→ Dataset entries
========================================================================
(* Given a fair division instance with $3$ agents, $4$ items, and normalised additive valuations, an EQ $+$ EQ1 allocation may not exist.
   Context: Fair division of indivisible goods among agents with additive valuations $v_i$. Valuations are normalised if every agent assigns the same value to the full set of items. An (integral) allocation $A=(A_1,\dots,A_n)$ is EQ1 (equitable up to one good) if for every pair of agents $i,j$ with $A_i\neq\emptyset$ there is a good $g\in A_i$ with $v_i(A_i\setminus\{g\})\le v_j(A_j)$. An EQ $+$ EQ1 allocation is a randomized allocation (a probability distribution over integral allocations) that is ex ante equitable, i.e. all agents have equal expected value $\mathbb{E}[v_i(X_i)]$, and whose support consists only of EQ1 integral allocations. *)

From mathcomp Require Import all_boot all_order all_algebra.
Set Implicit Arguments. Unset Strict Implicit. Unset Printing Implicit Defensive.
Import Order.TTheory GRing.Theory Num.Theory.
Local Open Scope ring_scope.

Definition val (R : numDomainType) (n m : nat) (v : 'I_n -> 'I_m -> R)
  (i : 'I_n) (S : {set 'I_m}) : R := \sum_(g in S) v i g.

Definition nonneg_vals (R : numDomainType) (n m : nat) (v : 'I_n -> 'I_m -> R) :=
  forall i g, 0 <= v i g.

Definition normalised (R : numDomainType) (n m : nat) (v : 'I_n -> 'I_m -> R) :=
  forall i j, val v i setT = val v j setT.

Definition allocation (n m : nat) := {ffun 'I_m -> 'I_n}.

Definition bundle (n m : nat) (a : allocation n m) (i : 'I_n) : {set 'I_m} :=
  [set g | a g == i].

Definition EQ1 (R : numDomainType) (n m : nat) (v : 'I_n -> 'I_m -> R)
  (a : allocation n m) : Prop :=
  forall i j, bundle a i != set0 ->
    exists2 g, g \in bundle a i &
      val v i (bundle a i :\ g) <= val v j (bundle a j).

Definition distribution (R : numDomainType) (n m : nat)
  (p : {ffun allocation n m -> R}) : Prop :=
  (forall a, 0 <= p a) /\ \sum_a p a = 1.

Definition expected_val (R : numDomainType) (n m : nat) (v : 'I_n -> 'I_m -> R)
  (p : {ffun allocation n m -> R}) (i : 'I_n) : R :=
  \sum_a p a * val v i (bundle a i).

Definition EQ_EQ1 (R : numDomainType) (n m : nat) (v : 'I_n -> 'I_m -> R)
  (p : {ffun allocation n m -> R}) : Prop :=
  [/\ distribution p,
      (forall i j, expected_val v p i = expected_val v p j) &
      (forall a, 0 < p a -> EQ1 v a)].

From Pilot Require Import Defs.
From mathcomp Require Import all_boot all_order all_algebra.
Set Implicit Arguments. Unset Strict Implicit. Unset Printing Implicit Defensive.
Import Order.TTheory GRing.Theory Num.Theory.

(* Agent 0 values the four items (4, 2, 4, 2) and agents 1 and 2 both value
   them (1, 3, 1, 7), so every agent's total is 12.  Going through the 3^4
   allocations shows that u1 + u2 - 2 u0 > 0 in every EQ1 allocation.  For an
   EQ + EQ1 lottery the expectation of u1 + u2 - 2 u0 is 0 by ex ante equity,
   yet it is the expectation of a quantity positive on the whole support. *)

Section Lotteries.
Local Open Scope ring_scope.

Lemma expectation_gt0 (R : numDomainType) (T : finType) (p f : T -> R) :
  (forall a, 0 <= p a) -> \sum_a p a = 1 -> (forall a, 0 < p a -> 0 < f a) ->
  0 < \sum_a p a * f a.
Proof.
move=> p_ge0 p_sum1 f_gt0.
have pf_ge0 a : 0 <= p a * f a.
  have := p_ge0 a; rewrite le0r => /predU1P[->|pa_gt0]; first by rewrite mul0r.
  by rewrite ltW ?mulr_gt0 ?f_gt0.
have [a /andP[_ pa_gt0]] : exists a, true && (0 < p a).
  by apply: psumr_neq0P => //; rewrite p_sum1; apply/eqP; rewrite oner_eq0.
rewrite (bigD1 a) //= ltr_pwDl ?sumr_ge0 // mulr_gt0 ?f_gt0 //.
Qed.

Lemma no_EQ_EQ1_of_weighted_gap (R : numDomainType) (n m : nat)
    (v : 'I_n -> 'I_m -> R) (c : 'I_n -> R) :
  \sum_i c i = 0 ->
  (forall a, EQ1 v a -> 0 < \sum_i c i * Defs.val v i (bundle a i)) ->
  ~ exists p, EQ_EQ1 v p.
Proof.
move=> c_sum0 gap_gt0 [p [[p_ge0 p_sum1] EQ_p EQ1_supp]].
have weighted_E0 : \sum_i c i * expected_val v p i = 0.
  have [i0 _ | no_agent] := pickP (@predT 'I_n); last by rewrite big_pred0.
  under eq_bigr do rewrite (EQ_p _ i0).
  by rewrite -mulr_suml c_sum0 mul0r.
have := expectation_gt0 p_ge0 p_sum1
  (fun a pa_gt0 => gap_gt0 a (EQ1_supp a pa_gt0)).
under eq_bigr do rewrite mulr_sumr; under eq_bigr do under eq_bigr do rewrite mulrCA.
by rewrite exchange_big /=; under eq_bigr do rewrite -mulr_sumr; rewrite weighted_E0 ltxx.
Qed.

End Lotteries.

Definition worth (i g : nat) : nat :=
  nth 0 (nth [::] [:: [:: 4; 2; 4; 2]; [:: 1; 3; 1; 7]; [:: 1; 3; 1; 7]] i) g.

Definition share (o : nat -> nat) (i : nat) : nat :=
  sumn [seq (o g == i) * worth i g | g <- iota 0 4].

(* An allocation is encoded by its owner map o (item g goes to agent o g).
   The subtraction below never truncates, as g is owned by i. *)
Definition EQ1_owners (o : nat -> nat) : bool :=
  all (fun i => all (fun j =>
      has (fun g => o g == i) (iota 0 4) ==>
      has (fun g => (o g == i) && (share o i - worth i g <= share o j)) (iota 0 4))
    (iota 0 3)) (iota 0 3).

Lemma EQ1_owners_gap (o : nat -> nat) :
  (forall g, o g < 3) -> EQ1_owners o -> 2 * share o 0 < share o 1 + share o 2.
Proof.
move=> o_lt3; apply/implyP; move: (o_lt3 0) (o_lt3 1) (o_lt3 2) (o_lt3 3).
rewrite /EQ1_owners /share /=.
by case: (o 0) => [|[|[|?]]] //; case: (o 1) => [|[|[|?]]] //;
   case: (o 2) => [|[|[|?]]] //; case: (o 3) => [|[|[|?]]].
Qed.

Definition owners (a : allocation 3 4) (g : nat) : nat := a (inord g).

Lemma share_owners (a : allocation 3 4) (i : 'I_3) :
  share (owners a) i = \sum_(g in bundle a i) worth i g.
Proof.
rewrite /share sumnE big_map -[iota 0 4]/(index_iota 0 4) big_mkord.
rewrite [RHS]big_mkcond.
apply: eq_bigr => g _; rewrite /owners inord_val val_eqE inE.
by case: (a g == i); rewrite ?mul1n.
Qed.

Local Open Scope ring_scope.

Definition vals (R : numDomainType) (i : 'I_3) (g : 'I_4) : R := (worth i g)%:R.

Lemma val_vals (R : numDomainType) (i : 'I_3) (S : {set 'I_4}) :
  Defs.val (vals R) i S = (\sum_(g in S) worth i g)%:R.
Proof. by rewrite natr_sum. Qed.

Lemma EQ1_owners_vals (R : numDomainType) (a : allocation 3 4) :
  EQ1 (vals R) a -> EQ1_owners (owners a).
Proof.
move=> EQ1a; apply/allP => i; rewrite mem_iota => /andP[_ i_lt3].
apply/allP => j; rewrite mem_iota => /andP[_ j_lt3].
apply/implyP => /hasP[g _ /eqP owner_g].
pose I := Ordinal i_lt3; pose J := Ordinal j_lt3.
have : bundle a I != set0.
  by apply/set0Pn; exists (inord g); rewrite inE; apply/eqP/val_inj.
case/(EQ1a I J) => h h_in; rewrite !val_vals ler_nat => EQ1_h.
apply/hasP; exists (val h); first by rewrite mem_iota ltn_ord.
move: (h_in); rewrite inE => /eqP owner_h.
rewrite /owners inord_val owner_h eqxx /=.
by rewrite -[i]/(val I) -[j]/(val J) !share_owners (big_setD1 _ h_in) addKn.
Qed.

Definition gap_weight (R : numDomainType) (i : 'I_3) : R := if i == ord0 then -2 else 1.

Lemma sum_gap_weight (R : numDomainType) : \sum_i gap_weight R i = 0.
Proof. by rewrite !big_ord_recl big_ord0 /gap_weight /= addr0 -mulr2n addNr. Qed.

Lemma EQ1_vals_gap (R : numDomainType) (a : allocation 3 4) :
  EQ1 (vals R) a -> 0 < \sum_i gap_weight R i * Defs.val (vals R) i (bundle a i).
Proof.
move=> EQ1a; have := EQ1_owners_gap (fun g => ltn_ord _) (EQ1_owners_vals EQ1a).
rewrite -(ltr_nat R) natrD natrM => gap.
rewrite !big_ord_recl big_ord0 !val_vals -!share_owners /gap_weight /=.
by rewrite addr0 !mul1r mulNr addrC subr_gt0.
Qed.

Lemma normalised_vals (R : numDomainType) : normalised (vals R).
Proof.
have val_setT (i : 'I_3) : Defs.val (vals R) i setT = 12%:R.
  rewrite val_vals (eq_bigl xpredT) => [|g]; last by rewrite in_setT.
  by rewrite !big_ord_recr big_ord0; case: i => [[|[|[|]]] ?].
by move=> i j; rewrite !val_setT.
Qed.

Theorem mainTheorem1 (R : realFieldType) :
  exists v : 'I_3 -> 'I_4 -> R,
    [/\ nonneg_vals v, normalised v &
        ~ exists p : {ffun allocation 3 4 -> R}, EQ_EQ1 v p].
Proof.
exists (vals R); split.
- by move=> i g; rewrite ler0n.
- exact: normalised_vals.
- exact: no_EQ_EQ1_of_weighted_gap (sum_gap_weight R) (@EQ1_vals_gap R).
Qed.
(* For each $k\in\mathbb N$ let $m_k\in\mathbb N$ with $\lim_{k\to\infty}m_k/k=0$. (a) For every $a>0$ there exist $\epsilon(a)>0$ and $k_0,m_0\in\mathbb N$ such that for all $k\ge k_0$ and all integers $m\in[m_0,m_k]$, $$I\Bigl(j+1,k-j+1;\frac{m-a\sqrt m}{k}\Bigr)\ge\epsilon(a),\qquad j=0,\dots,m-1.$$ (b) For every $\epsilon>0$ there exist $a>0$, $k_0\in\mathbb N$ and $m_0=m_0(a)$ such that for all $k\ge k_0$ and all integers $m\in[m_0,m_k]$, $$I\Bigl(j+1,k-j+1;\frac{m-a\sqrt m}{k}\Bigr)\le\epsilon\,I\Bigl(j+1,k-j+1;\frac mk\Bigr),\qquad j=m,\dots,k.$$
   Context: For $a,b>0$ and $x\in(0,1)$, $I(a,b;x)=\frac{1}{\beta(a,b)}\int_0^x t^{a-1}(1-t)^{b-1}dt$ is the normalized incomplete beta function, where $\beta(a,b)=\int_0^1t^{a-1}(1-t)^{b-1}dt=\frac{\Gamma(a)\Gamma(b)}{\Gamma(a+b)}$. *)

From Stdlib Require Import Reals.
From Coquelicot Require Import Coquelicot.
Open Scope R_scope.

Definition beta_integrand (a b : nat) (t : R) : R :=
  t ^ (a - 1) * (1 - t) ^ (b - 1).

Definition beta_fn (a b : nat) : R := RInt (beta_integrand a b) 0 1.

Definition incbeta (a b : nat) (x : R) : R :=
  RInt (beta_integrand a b) 0 x / beta_fn a b.

From Stdlib Require Import Reals Lra Lia Psatz FunctionalExtensionality.
From Coquelicot Require Import Coquelicot.
Open Scope R_scope.

(* Write d = k - j and K = j + d = k, so the integrand of I(j+1, d+1; .) is
   G(t) = t^j (1-t)^d, with t (1 - t) G'(t) = (j - K t) G(t); let x = (m - a sqrt m)/K.

   (a) If j < m and m <= K/6, log-concavity of G bounds G on [x, (m + 2 sqrt m)/K]
   by a constant multiple of G on the window [x - sqrt m / K, x]; past that point
   G decays at relative rate at least K / sqrt m.  So int_0^1 G <= C(a) int_0^x G.

   (b) If j >= m, G increases on [0, m/K] and grows at relative rate at least
   a K / sqrt m on [0, x].  Hence int_0^x G <= G(x) sqrt m / (a K), whereas
   int_x^(m/K) G >= G(x) a sqrt m / K; the ratio of the two bounds is a^-2. *)

Section DerivativeBounds.

Variables f df : R -> R.
Hypothesis f_deriv : forall t, is_derive f t (df t).
Hypothesis df_cont : forall t, continuous df t.

Lemma ex_RInt_C1 p q : ex_RInt f p q.
Proof.
  apply (ex_RInt_continuous (V := R_CompleteNormedModule)); intros t _.
  apply (ex_derive_continuous f); eexists; apply f_deriv.
Qed.

Lemma ex_RInt_deriv p q : ex_RInt df p q.
Proof. apply (ex_RInt_continuous (V := R_CompleteNormedModule)); intros t _; apply df_cont. Qed.

Lemma RInt_deriv p q : RInt df p q = f q - f p.
Proof.
  apply is_RInt_unique, (is_RInt_derive f); intros t _; [apply f_deriv | apply df_cont].
Qed.

Lemma RInt_le_of_deriv_ge p q c : p <= q -> 0 < c -> 0 <= f p ->
  (forall t, p < t < q -> c * f t <= df t) -> RInt f p q <= f q / c.
Proof.
  intros pq c0 fp0 growth.
  assert (H : RInt f p q <= RInt (fun t => / c * df t) p q).
  { apply RInt_le; [lra | apply ex_RInt_C1 |
      apply (ex_RInt_scal (V := R_NormedModule)), ex_RInt_deriv |].
    intros t ht; specialize (growth t ht).
    apply (Rmult_le_reg_l c); [lra |].
    rewrite <- Rmult_assoc, Rinv_r, Rmult_1_l; lra. }
  change (RInt (fun t => / c * df t) p q) with (RInt (fun t => scal (/ c) (df t)) p q) in H.
  rewrite (RInt_scal df), RInt_deriv in H by apply ex_RInt_deriv.
  pose proof (Rinv_0_lt_compat c c0); unfold Rdiv; change (scal ?l ?v) with (l * v) in H; nra.
Qed.

Lemma RInt_le_of_deriv_le p q c : p <= q -> 0 < c -> 0 <= f q ->
  (forall t, p < t < q -> df t <= - c * f t) -> RInt f p q <= f p / c.
Proof.
  intros pq c0 fq0 decay.
  assert (H : RInt f p q <= RInt (fun t => - / c * df t) p q).
  { apply RInt_le; [lra | apply ex_RInt_C1 |
      apply (ex_RInt_scal (V := R_NormedModule)), ex_RInt_deriv |].
    intros t ht; specialize (decay t ht).
    apply (Rmult_le_reg_l c); [lra |].
    replace (c * (- / c * df t)) with (- df t) by (field; lra); lra. }
  change (RInt (fun t => - / c * df t) p q) with (RInt (fun t => scal (- / c) (df t)) p q) in H.
  rewrite (RInt_scal df), RInt_deriv in H by apply ex_RInt_deriv.
  pose proof (Rinv_0_lt_compat c c0); unfold Rdiv; change (scal ?l ?v) with (l * v) in H; nra.
Qed.

Lemma le_of_deriv_nonneg p q : p <= q -> (forall t, p < t < q -> 0 <= df t) -> f p <= f q.
Proof.
  intros pq df0.
  assert (0 <= RInt df p q) by (apply RInt_ge_0; [lra | apply ex_RInt_deriv | exact df0]).
  rewrite RInt_deriv in H; lra.
Qed.

Lemma RInt_ge_of_deriv_nonneg p q : p <= q -> (forall t, p < t < q -> 0 <= df t) ->
  (q - p) * f p <= RInt f p q.
Proof.
  intros pq df0.
  replace ((q - p) * f p) with (RInt (fun _ => f p) p q) by (rewrite RInt_const; reflexivity).
  apply RInt_le; [lra | apply ex_RInt_const | apply ex_RInt_C1 |].
  intros t ht; apply le_of_deriv_nonneg; [lra |].
  intros u hu; apply df0; lra.
Qed.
========================================================================
→ Problem
Every line above from the line with "Context: For $a,b>0$" to the line with "G(t) = t^j (1-t)^d, with" is wanted, ends included; write them out exactly and add no other line.

→ Solution for this task
   Context: For $a,b>0$ and $x\in(0,1)$, $I(a,b;x)=\frac{1}{\beta(a,b)}\int_0^x t^{a-1}(1-t)^{b-1}dt$ is the normalized incomplete beta function, where $\beta(a,b)=\int_0^1t^{a-1}(1-t)^{b-1}dt=\frac{\Gamma(a)\Gamma(b)}{\Gamma(a+b)}$. *)

From Stdlib Require Import Reals.
From Coquelicot Require Import Coquelicot.
Open Scope R_scope.

Definition beta_integrand (a b : nat) (t : R) : R :=
  t ^ (a - 1) * (1 - t) ^ (b - 1).

Definition beta_fn (a b : nat) : R := RInt (beta_integrand a b) 0 1.

Definition incbeta (a b : nat) (x : R) : R :=
  RInt (beta_integrand a b) 0 x / beta_fn a b.

From Stdlib Require Import Reals Lra Lia Psatz FunctionalExtensionality.
From Coquelicot Require Import Coquelicot.
Open Scope R_scope.

(* Write d = k - j and K = j + d = k, so the integrand of I(j+1, d+1; .) is
   G(t) = t^j (1-t)^d, with t (1 - t) G'(t) = (j - K t) G(t); let x = (m - a sqrt m)/K.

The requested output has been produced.